(* Let $\phi$ be a topological flow on a compact metric space $(M,\mathrm{dist})$, let $K\subset M\setminus\mathrm{Sing}(\phi)$ be compact, let $T_0\in(0,1)$ satisfy $\phi(t,x)\neq x$ for all $t\in(0,2T_0]$ and $x\in K$, and let $\tilde K=\bigcap_{t\in[-2T_0,2T_0]}\phi(t,K)$. Then for every $\varepsilon>0$ there exists $\varepsilon_1>0$ with the following property: if $\xi\in\mathcal{P}$, $t_0\in\mathbb{R}$, $T_1\ge T_0$, $g\in\mathrm{Rep}$ with $g(0)=0$, and $y\in M$ satisfy $\mathrm{dist}(\xi(t+t_0),\phi(g(t),y))<\varepsilon_1$ and $\xi(t+t_0),\ \phi(g(t),y)\in\tilde K$ for all $t\in[0,T_1]$, then there exists $\tilde g\in\mathrm{Rep}(\varepsilon)$ with $\tilde g(0)=g(0)$ and $\tilde g(T_1)=g(T_1)$ such that $\mathrm{dist}(\xi(t+t_0),\phi(\tilde g(t),y))<\varepsilon$ for all $t\in[0,T_1]$.
   Context: A topological flow is a continuous $\phi:\mathbb{R}\times M\to M$ with $\phi(0,x)=x$, $\phi(s+t,x)=\phi(s,\phi(t,x))$; $\mathrm{Sing}(\phi)$ is its set of fixed points. $\mathcal{P}$ denotes the set of all functions $\xi:\mathbb{R}\to M$ with $\xi(t+nT_0)=\phi(t,\xi(nT_0))$ for all $t\in[0,T_0)$ and $n\in\mathbb{Z}$. $\mathrm{Rep}$ is the set of orientation-preserving homeomorphisms of $\mathbb{R}$, and $\mathrm{Rep}(\varepsilon)=\{f\in\mathrm{Rep}: |\frac{f(a)-f(b)}{a-b}-1|<\varepsilon\ \forall a>b\}$. *)

From HB Require Import structures.
From mathcomp Require Import all_boot all_order all_algebra.
From mathcomp Require Import all_classical all_reals all_analysis.
Set Implicit Arguments. Unset Strict Implicit. Unset Printing Implicit Defensive.
Import Order.TTheory GRing.Theory Num.Theory.
Import numFieldTopology.Exports.
Local Open Scope classical_set_scope.
Local Open Scope ring_scope.

Definition is_flow {R : realType} {M : metricType R} (phi : R -> M -> M) : Prop :=
  continuous (fun p : R * M => phi p.1 p.2) /\
  (forall x, phi 0 x = x) /\
  (forall s t x, phi (s + t) x = phi s (phi t x)).

Definition Sing {R : realType} {M : metricType R} (phi : R -> M -> M) : set M :=
  [set x | forall t, phi t x = x].

Definition in_P {R : realType} {M : metricType R} (phi : R -> M -> M) (T0 : R)
  (xi : R -> M) : Prop :=
  forall (n : int) (t : R), 0 <= t -> t < T0 ->
    xi (t + n%:~R * T0) = phi t (xi (n%:~R * T0)).

Definition is_Rep {R : realType} (f : R -> R) : Prop :=
  (exists h : R -> R, cancel f h /\ cancel h f /\ continuous f /\ continuous h) /\
  (forall a b, a < b -> f a < f b).

Definition is_Rep_eps {R : realType} (eps : R) (f : R -> R) : Prop :=
  is_Rep f /\ (forall a b, b < a -> `|(f a - f b) / (a - b) - 1| < eps).

(* Since [K] is compact and has no point of period in (0, 2 T0], the time-[dl] map moves
   every point of [K] by at least some [c > 0].  On a window of length at most [T0] on
   which [xi] is a genuine orbit, a time change [g] whose orbit stays [eps1]-close to [xi]
   therefore cannot drift from the identity by [dl]: at a time where the drift [g t - t]
   equals [+-dl] (intermediate value theorem), two points of one orbit at time distance
   [dl] would be closer than [c].  As [xi] is an orbit between consecutive multiples of
   [T0], [g t - t] oscillates by at most [2 dl] over any interval of length [T0].  The
   McShane minorant of [g t - t], linearly corrected at the endpoints [0] and [T1], is a
   [4 dl / T0]-Lipschitz perturbation [D] of it, so [t + g 0 + D t] lies in [Rep(eps)] and
   stays within time [2 dl] of [g], hence within distance [eps] of [xi] by uniform
   continuity of the flow. *)

From HB Require Import structures.
From mathcomp Require Import all_boot all_order all_algebra.
From mathcomp Require Import all_classical all_reals all_analysis.
From mathcomp Require Import ring lra.
Set Implicit Arguments. Unset Strict Implicit. Unset Printing Implicit Defensive.
Import Order.TTheory GRing.Theory Num.Theory Num.Def.
Import numFieldTopology.Exports.
Local Open Scope classical_set_scope.
Local Open Scope ring_scope.

Section RealReparametrizations.
Variable R : realType.
Implicit Types (f D G : R -> R).

Lemma lipschitz_continuous f (C : R) : 0 <= C ->
  (forall x y, `|f x - f y| <= C * `|x - y|) -> continuous f.
Proof.
move=> C0 fC x; apply/cvgrPdist_lt => e e0.
apply/nbhs_ballP; exists (e / (C + 1)) => [|t]; first by rewrite /= divr_gt0 // ltr_wpDl.
rewrite /ball /= ltr_pdivlMr ?ltr_wpDl // => xt.
apply: le_lt_trans (fC x t) _; have := normr_ge0 (x - t); nra.
Qed.

Lemma is_Rep_bilipschitz f (m C : R) : 0 < m ->
  (forall a b, b <= a -> m * (a - b) <= f a - f b <= C * (a - b)) -> is_Rep f.
Proof.
move=> m0 fmC.
have lip x y : m * `|x - y| <= `|f x - f y| <= C * `|x - y|.
  wlog yx : x y / y <= x.
    move=> hw; have [|/ltW xy] := leP y x; first exact: hw.
    by rewrite [`|x - y|]distrC [`|f x - f y|]distrC; exact: hw.
  have /andP[h1 h2] := fmC x y yx.
  have mxy : 0 <= m * (x - y) by rewrite mulr_ge0 ?subr_ge0 // ltW.
  by rewrite !ger0_norm ?subr_ge0 //; lra.
have C0 : 0 <= C by have := fmC 1 0 ler01; rewrite subr0 mulr1; lra.
have inc a b : a < b -> f a < f b.
  move=> ab; have := fmC b a (ltW ab); have : 0 < m * (b - a) by rewrite mulr_gt0 ?subr_gt0.
  lra.
have finj : injective f.
  by move=> a b fab; case: (ltgtP a b) => // /inc; rewrite fab ltxx.
have cf : continuous f by apply: (lipschitz_continuous C0) => x y; case/andP: (lip x y).
have surj y : exists x, f x = y.
  pose A := `|y - f 0| / m.
  have A0 : 0 <= A by rewrite divr_ge0 // ltW.
  have mA : m * A = `|y - f 0| by rewrite mulrC divfK ?gt_eqF.
  have /andP[fA _] := fmC A 0 A0; have /andP[fnA _] := fmC 0 (- A) (ltac:(lra)).
  rewrite subr0 in fA; rewrite sub0r opprK in fnA.
  have /andP[yl yr] : - `|y - f 0| <= y - f 0 <= `|y - f 0| by rewrite -ler_norml.
  have [x _ fx] : exists2 x, x \in `[- A, A] & f x = y.
    apply: IVT; [lra | exact: continuous_subspaceT |].
    by rewrite ge_min le_max; apply/andP; split; apply/orP; [left|right]; lra.
  by exists x.
have [h fK] := choice surj.
split=> //; exists h; split; first by move=> x; apply: finj; rewrite fK.
split=> //; split=> //.
apply: (@lipschitz_continuous _ m^-1); first by rewrite invr_ge0 ltW.
by move=> x y; rewrite ler_pdivlMl //; have /andP[+ _] := lip (h x) (h y); rewrite !fK.
Qed.

Lemma is_Rep_eps_id_add D (k eps : R) : 0 <= k -> k < 1 -> k < eps ->
  (forall a b, `|D a - D b| <= k * `|a - b|) -> is_Rep_eps eps (fun t => t + D t).
Proof.
move=> k0 k1 keps Dk; split.
  apply: (@is_Rep_bilipschitz _ (1 - k) (1 + k)); first lra.
  move=> a b ba; have := Dk a b; rewrite (ger0_norm (x := a - b)) ?subr_ge0 // ler_norml; nra.
move=> a b ba; have ab0 : 0 < a - b by rewrite subr_gt0.
have -> : (a + D a - (b + D b)) / (a - b) - 1 = (D a - D b) / (a - b).
  by field; rewrite gt_eqF.
rewrite normrM normfV (gtr0_norm ab0) ltr_pdivrMr //.
by apply: le_lt_trans (Dk a b) _; rewrite (gtr0_norm ab0) ltr_pM2r.
Qed.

What to do
The reply should hold only the lines of the listing above starting at the line containing "move=> k0 k1 keps Dk; split." and ending at the line containing "move=> a b ba; have ab0", exactly as written.

Solution
move=> k0 k1 keps Dk; split.
  apply: (@is_Rep_bilipschitz _ (1 - k) (1 + k)); first lra.
  move=> a b ba; have := Dk a b; rewrite (ger0_norm (x := a - b)) ?subr_ge0 // ler_norml; nra.
move=> a b ba; have ab0 : 0 < a - b by rewrite subr_gt0.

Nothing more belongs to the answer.